### Activity
Once the line containing "Section Fock." is found in the entries below, reproduce it and every line after it, stopping at and including the line containing "Variables (C : numClosedFieldType) (n : nat)."; reproduce nothing else, and keep each line exact.

******************************

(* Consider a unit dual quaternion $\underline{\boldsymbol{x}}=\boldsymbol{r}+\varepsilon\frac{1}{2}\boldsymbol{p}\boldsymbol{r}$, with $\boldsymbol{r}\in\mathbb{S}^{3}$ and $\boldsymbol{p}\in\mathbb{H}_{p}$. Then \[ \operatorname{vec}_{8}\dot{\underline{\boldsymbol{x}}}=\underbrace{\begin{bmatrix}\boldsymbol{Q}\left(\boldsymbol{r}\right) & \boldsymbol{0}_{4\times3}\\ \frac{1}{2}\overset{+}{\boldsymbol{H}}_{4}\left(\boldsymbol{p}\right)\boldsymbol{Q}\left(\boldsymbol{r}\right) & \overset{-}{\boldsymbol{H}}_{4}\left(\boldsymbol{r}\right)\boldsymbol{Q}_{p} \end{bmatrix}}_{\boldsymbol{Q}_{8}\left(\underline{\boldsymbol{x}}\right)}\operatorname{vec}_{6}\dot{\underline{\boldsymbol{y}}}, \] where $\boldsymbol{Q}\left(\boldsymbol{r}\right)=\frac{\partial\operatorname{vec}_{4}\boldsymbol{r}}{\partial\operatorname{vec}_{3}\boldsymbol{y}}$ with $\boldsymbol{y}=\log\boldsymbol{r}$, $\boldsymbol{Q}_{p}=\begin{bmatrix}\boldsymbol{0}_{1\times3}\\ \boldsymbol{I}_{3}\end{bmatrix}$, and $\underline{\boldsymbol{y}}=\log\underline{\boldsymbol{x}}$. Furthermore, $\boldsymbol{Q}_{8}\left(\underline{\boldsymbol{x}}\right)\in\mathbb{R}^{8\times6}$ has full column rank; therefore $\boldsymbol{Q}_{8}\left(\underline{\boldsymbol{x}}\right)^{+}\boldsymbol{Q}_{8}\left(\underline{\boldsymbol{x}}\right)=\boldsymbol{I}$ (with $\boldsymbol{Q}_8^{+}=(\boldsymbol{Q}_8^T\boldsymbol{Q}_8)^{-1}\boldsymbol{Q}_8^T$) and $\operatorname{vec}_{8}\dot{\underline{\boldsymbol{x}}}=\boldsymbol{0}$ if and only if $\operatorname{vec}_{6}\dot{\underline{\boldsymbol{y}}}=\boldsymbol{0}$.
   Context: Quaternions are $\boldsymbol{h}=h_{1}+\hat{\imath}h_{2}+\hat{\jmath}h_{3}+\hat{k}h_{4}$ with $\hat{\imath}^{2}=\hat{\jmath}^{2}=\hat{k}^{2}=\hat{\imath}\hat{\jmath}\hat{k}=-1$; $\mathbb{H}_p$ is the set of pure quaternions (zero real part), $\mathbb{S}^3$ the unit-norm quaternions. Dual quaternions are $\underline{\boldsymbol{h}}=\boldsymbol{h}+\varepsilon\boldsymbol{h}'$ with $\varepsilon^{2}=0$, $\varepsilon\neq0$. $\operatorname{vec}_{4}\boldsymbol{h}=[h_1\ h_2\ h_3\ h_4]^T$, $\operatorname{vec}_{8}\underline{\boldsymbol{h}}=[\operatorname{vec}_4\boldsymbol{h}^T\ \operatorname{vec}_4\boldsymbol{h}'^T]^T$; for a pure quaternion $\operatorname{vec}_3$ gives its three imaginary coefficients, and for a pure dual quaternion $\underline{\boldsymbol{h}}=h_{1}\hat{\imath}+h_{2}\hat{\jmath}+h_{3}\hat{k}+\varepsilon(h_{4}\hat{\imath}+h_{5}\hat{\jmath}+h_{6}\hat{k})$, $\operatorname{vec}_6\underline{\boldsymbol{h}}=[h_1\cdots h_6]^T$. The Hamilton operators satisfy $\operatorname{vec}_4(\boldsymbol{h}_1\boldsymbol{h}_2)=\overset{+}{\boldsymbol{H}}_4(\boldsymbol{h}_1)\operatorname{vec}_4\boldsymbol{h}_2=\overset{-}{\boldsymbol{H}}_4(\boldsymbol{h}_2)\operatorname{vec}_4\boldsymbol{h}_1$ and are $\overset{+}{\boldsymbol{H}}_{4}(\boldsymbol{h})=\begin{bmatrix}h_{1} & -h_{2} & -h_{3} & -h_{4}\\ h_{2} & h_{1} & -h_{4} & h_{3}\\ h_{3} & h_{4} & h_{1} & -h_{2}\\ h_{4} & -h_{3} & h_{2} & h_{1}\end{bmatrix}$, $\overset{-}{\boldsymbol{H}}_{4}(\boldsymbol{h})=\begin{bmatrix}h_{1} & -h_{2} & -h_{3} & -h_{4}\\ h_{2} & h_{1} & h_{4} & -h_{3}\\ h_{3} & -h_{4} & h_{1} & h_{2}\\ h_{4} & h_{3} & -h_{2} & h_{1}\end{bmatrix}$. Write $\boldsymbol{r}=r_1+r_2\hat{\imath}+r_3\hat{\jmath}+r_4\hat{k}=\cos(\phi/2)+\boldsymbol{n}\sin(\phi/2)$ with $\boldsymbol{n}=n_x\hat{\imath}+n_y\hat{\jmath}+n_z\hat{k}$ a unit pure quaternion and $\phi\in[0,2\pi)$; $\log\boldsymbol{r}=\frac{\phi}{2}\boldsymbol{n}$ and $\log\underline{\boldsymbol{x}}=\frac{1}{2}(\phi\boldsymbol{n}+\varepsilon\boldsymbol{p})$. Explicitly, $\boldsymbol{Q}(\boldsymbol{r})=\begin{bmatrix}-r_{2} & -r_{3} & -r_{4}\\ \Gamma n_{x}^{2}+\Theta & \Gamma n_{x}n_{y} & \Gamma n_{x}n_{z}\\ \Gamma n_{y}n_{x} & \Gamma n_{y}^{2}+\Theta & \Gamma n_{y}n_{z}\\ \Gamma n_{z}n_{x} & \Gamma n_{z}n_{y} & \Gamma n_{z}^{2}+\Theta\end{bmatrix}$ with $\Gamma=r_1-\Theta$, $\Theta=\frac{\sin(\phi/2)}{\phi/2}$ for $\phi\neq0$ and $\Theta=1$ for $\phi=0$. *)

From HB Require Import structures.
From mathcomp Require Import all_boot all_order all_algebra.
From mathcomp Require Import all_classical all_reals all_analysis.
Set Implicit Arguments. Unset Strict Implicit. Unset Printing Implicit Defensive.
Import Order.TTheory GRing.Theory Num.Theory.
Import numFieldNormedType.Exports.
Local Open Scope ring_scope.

******************************

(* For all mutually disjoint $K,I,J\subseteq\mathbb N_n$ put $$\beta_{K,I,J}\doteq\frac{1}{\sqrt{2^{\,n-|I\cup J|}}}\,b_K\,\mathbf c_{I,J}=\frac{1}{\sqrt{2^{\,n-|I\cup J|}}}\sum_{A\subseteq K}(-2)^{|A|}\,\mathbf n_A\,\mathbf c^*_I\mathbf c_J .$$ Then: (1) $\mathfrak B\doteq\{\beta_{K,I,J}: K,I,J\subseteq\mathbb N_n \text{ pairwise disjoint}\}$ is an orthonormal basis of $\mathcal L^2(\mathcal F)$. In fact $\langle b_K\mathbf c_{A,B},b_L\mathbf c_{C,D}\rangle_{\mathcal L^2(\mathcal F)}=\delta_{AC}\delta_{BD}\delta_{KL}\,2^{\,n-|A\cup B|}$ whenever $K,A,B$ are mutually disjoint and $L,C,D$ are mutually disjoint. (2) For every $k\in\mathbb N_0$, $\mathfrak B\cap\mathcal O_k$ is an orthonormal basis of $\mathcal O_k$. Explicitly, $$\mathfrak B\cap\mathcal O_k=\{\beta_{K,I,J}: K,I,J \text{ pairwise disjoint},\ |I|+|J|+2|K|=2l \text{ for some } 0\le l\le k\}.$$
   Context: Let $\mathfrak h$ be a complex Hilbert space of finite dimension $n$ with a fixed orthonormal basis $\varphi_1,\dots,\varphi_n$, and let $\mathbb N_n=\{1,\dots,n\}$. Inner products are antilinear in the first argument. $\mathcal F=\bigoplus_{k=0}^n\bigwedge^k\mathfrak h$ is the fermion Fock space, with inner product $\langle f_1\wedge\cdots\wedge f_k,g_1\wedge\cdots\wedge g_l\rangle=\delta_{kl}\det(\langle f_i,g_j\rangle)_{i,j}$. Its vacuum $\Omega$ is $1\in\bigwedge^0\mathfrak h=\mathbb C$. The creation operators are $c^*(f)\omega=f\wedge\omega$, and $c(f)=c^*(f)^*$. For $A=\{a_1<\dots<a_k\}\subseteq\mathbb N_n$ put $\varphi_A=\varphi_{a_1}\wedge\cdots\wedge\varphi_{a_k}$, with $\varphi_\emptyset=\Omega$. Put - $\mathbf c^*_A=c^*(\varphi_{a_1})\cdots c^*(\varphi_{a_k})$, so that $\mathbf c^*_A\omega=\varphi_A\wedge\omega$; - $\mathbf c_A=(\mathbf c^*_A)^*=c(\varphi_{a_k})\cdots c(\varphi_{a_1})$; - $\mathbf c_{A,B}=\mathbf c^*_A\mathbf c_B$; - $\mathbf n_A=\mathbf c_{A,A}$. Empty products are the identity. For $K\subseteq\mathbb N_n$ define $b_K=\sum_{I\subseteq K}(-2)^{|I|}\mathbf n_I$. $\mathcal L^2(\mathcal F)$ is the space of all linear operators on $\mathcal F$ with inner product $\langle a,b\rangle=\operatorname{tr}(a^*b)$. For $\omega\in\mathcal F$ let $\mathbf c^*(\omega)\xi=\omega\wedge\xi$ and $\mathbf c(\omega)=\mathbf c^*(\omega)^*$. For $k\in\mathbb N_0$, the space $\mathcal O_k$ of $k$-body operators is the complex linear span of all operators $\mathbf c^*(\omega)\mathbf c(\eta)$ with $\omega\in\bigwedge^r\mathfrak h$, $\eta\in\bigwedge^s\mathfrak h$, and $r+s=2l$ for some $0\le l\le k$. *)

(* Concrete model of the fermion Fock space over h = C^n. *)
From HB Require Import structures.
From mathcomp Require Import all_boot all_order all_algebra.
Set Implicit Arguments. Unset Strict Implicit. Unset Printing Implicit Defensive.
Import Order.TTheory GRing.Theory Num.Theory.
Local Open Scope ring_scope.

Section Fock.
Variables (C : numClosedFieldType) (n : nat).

******************************

### Answer space
Section Fock.
Variables (C : numClosedFieldType) (n : nat).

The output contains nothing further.